→ Exercise directions:
After reading the lines below, count those that contain "instance" and give the count alone.

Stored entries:

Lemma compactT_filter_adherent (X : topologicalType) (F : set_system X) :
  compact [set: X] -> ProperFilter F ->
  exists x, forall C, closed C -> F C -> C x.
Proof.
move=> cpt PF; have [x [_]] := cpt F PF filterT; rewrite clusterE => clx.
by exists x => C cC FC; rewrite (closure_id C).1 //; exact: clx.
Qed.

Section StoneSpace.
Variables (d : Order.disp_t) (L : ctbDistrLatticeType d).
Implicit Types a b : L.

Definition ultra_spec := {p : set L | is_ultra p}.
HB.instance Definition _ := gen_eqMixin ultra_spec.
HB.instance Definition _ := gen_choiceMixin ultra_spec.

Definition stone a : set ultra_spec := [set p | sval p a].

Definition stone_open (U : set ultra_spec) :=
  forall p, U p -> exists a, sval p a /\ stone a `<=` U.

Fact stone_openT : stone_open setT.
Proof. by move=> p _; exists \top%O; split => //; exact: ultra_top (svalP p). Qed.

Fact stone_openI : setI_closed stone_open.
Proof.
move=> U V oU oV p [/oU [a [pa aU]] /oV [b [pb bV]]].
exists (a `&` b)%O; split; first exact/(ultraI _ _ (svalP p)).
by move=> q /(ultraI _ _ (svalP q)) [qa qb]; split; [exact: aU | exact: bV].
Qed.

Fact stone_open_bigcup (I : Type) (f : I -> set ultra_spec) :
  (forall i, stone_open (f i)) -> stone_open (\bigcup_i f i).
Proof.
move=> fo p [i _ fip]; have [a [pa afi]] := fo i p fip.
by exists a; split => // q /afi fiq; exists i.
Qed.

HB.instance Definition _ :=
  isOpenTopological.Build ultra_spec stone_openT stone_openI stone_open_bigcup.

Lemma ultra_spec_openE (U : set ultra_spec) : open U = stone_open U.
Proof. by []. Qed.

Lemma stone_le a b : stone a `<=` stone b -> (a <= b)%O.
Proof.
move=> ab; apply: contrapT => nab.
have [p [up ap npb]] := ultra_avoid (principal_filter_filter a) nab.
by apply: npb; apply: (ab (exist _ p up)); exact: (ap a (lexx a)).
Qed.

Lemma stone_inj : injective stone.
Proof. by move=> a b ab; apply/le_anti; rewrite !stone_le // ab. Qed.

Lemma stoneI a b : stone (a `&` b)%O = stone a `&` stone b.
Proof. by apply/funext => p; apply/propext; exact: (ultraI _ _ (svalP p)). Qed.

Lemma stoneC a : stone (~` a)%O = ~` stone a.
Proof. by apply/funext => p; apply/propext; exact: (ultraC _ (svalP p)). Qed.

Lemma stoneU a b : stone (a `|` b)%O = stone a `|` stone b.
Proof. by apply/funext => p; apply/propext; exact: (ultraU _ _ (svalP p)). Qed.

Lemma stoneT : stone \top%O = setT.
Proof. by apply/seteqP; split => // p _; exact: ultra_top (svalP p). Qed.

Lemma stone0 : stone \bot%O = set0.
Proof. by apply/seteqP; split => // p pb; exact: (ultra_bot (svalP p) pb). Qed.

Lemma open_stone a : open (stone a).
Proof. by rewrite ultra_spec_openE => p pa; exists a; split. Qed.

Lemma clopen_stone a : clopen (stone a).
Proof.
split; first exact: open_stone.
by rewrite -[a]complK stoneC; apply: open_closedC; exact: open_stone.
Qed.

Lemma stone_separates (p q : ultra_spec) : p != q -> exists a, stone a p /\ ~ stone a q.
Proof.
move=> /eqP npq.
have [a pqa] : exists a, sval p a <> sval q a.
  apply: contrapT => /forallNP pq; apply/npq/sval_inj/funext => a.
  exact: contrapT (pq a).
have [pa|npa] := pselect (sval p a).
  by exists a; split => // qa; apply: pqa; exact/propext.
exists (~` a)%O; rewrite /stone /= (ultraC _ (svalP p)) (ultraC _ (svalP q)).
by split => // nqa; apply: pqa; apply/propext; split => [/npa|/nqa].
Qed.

==

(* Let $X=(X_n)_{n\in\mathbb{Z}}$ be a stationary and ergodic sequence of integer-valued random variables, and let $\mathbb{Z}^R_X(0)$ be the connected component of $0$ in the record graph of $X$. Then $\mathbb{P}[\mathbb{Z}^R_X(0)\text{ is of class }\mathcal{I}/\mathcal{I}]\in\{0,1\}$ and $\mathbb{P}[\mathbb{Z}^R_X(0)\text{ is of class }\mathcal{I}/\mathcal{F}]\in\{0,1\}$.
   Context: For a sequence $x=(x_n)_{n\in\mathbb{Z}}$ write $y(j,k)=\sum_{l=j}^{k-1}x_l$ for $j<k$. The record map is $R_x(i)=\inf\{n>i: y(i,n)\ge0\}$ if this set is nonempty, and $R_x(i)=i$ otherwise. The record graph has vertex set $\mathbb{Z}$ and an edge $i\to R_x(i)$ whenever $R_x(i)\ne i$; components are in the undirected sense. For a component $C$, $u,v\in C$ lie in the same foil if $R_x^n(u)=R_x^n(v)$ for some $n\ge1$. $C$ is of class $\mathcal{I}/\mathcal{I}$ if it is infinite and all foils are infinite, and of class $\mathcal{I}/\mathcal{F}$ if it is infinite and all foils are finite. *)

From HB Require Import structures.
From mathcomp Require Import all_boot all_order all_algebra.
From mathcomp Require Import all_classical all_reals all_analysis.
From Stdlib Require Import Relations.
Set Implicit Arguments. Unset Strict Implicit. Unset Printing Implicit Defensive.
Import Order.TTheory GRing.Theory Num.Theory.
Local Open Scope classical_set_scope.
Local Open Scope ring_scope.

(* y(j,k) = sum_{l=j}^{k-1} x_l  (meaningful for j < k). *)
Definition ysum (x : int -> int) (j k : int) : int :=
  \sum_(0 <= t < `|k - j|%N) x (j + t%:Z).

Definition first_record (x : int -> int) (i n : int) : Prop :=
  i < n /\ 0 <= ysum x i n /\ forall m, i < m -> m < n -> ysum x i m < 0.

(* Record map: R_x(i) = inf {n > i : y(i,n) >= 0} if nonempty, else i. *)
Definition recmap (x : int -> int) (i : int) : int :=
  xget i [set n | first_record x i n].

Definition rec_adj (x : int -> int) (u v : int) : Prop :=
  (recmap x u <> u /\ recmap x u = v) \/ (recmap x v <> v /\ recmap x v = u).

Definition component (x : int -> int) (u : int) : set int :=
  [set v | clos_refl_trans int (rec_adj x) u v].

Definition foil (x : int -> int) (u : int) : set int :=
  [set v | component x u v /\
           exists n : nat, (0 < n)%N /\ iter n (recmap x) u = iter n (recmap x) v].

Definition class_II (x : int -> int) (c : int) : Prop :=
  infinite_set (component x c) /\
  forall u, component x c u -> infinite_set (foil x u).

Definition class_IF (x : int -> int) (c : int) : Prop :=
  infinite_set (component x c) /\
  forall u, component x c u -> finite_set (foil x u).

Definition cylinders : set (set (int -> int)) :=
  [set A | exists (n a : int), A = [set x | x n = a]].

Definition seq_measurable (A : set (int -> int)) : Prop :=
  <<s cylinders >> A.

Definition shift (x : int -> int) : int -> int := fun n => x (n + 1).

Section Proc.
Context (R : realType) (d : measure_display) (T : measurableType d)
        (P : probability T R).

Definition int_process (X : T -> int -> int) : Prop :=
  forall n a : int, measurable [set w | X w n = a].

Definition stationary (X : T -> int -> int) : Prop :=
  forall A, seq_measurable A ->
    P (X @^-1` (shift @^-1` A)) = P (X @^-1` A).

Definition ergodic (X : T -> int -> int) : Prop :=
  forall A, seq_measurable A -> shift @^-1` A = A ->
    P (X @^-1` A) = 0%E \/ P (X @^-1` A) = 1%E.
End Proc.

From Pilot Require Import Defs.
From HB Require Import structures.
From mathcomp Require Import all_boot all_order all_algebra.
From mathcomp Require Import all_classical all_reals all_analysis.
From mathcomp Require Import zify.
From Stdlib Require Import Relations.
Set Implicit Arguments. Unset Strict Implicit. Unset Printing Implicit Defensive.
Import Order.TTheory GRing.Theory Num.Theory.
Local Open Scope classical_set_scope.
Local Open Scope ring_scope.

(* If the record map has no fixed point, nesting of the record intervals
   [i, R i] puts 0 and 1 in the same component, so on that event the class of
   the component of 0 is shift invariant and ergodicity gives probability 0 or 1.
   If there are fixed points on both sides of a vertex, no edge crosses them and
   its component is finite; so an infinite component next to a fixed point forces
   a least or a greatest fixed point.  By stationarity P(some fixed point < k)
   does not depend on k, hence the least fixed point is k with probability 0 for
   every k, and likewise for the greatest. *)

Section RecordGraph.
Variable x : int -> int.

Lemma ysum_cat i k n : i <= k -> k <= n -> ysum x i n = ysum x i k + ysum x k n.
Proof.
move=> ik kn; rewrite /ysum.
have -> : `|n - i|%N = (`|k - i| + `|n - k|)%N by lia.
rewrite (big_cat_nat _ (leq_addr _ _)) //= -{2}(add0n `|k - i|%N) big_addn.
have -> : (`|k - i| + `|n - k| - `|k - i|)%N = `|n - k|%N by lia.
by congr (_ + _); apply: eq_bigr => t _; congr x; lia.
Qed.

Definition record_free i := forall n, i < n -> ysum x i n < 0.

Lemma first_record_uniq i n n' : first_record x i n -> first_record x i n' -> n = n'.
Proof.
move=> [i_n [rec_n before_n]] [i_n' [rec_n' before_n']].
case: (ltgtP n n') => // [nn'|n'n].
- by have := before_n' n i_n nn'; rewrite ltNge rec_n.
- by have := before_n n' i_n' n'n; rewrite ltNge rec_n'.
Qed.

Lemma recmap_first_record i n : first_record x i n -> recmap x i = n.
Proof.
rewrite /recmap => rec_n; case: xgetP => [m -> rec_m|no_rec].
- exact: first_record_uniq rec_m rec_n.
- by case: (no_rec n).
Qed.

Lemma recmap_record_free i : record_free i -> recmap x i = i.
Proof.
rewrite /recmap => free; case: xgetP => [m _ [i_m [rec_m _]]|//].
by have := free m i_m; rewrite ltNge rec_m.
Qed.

→ Worked solution:
3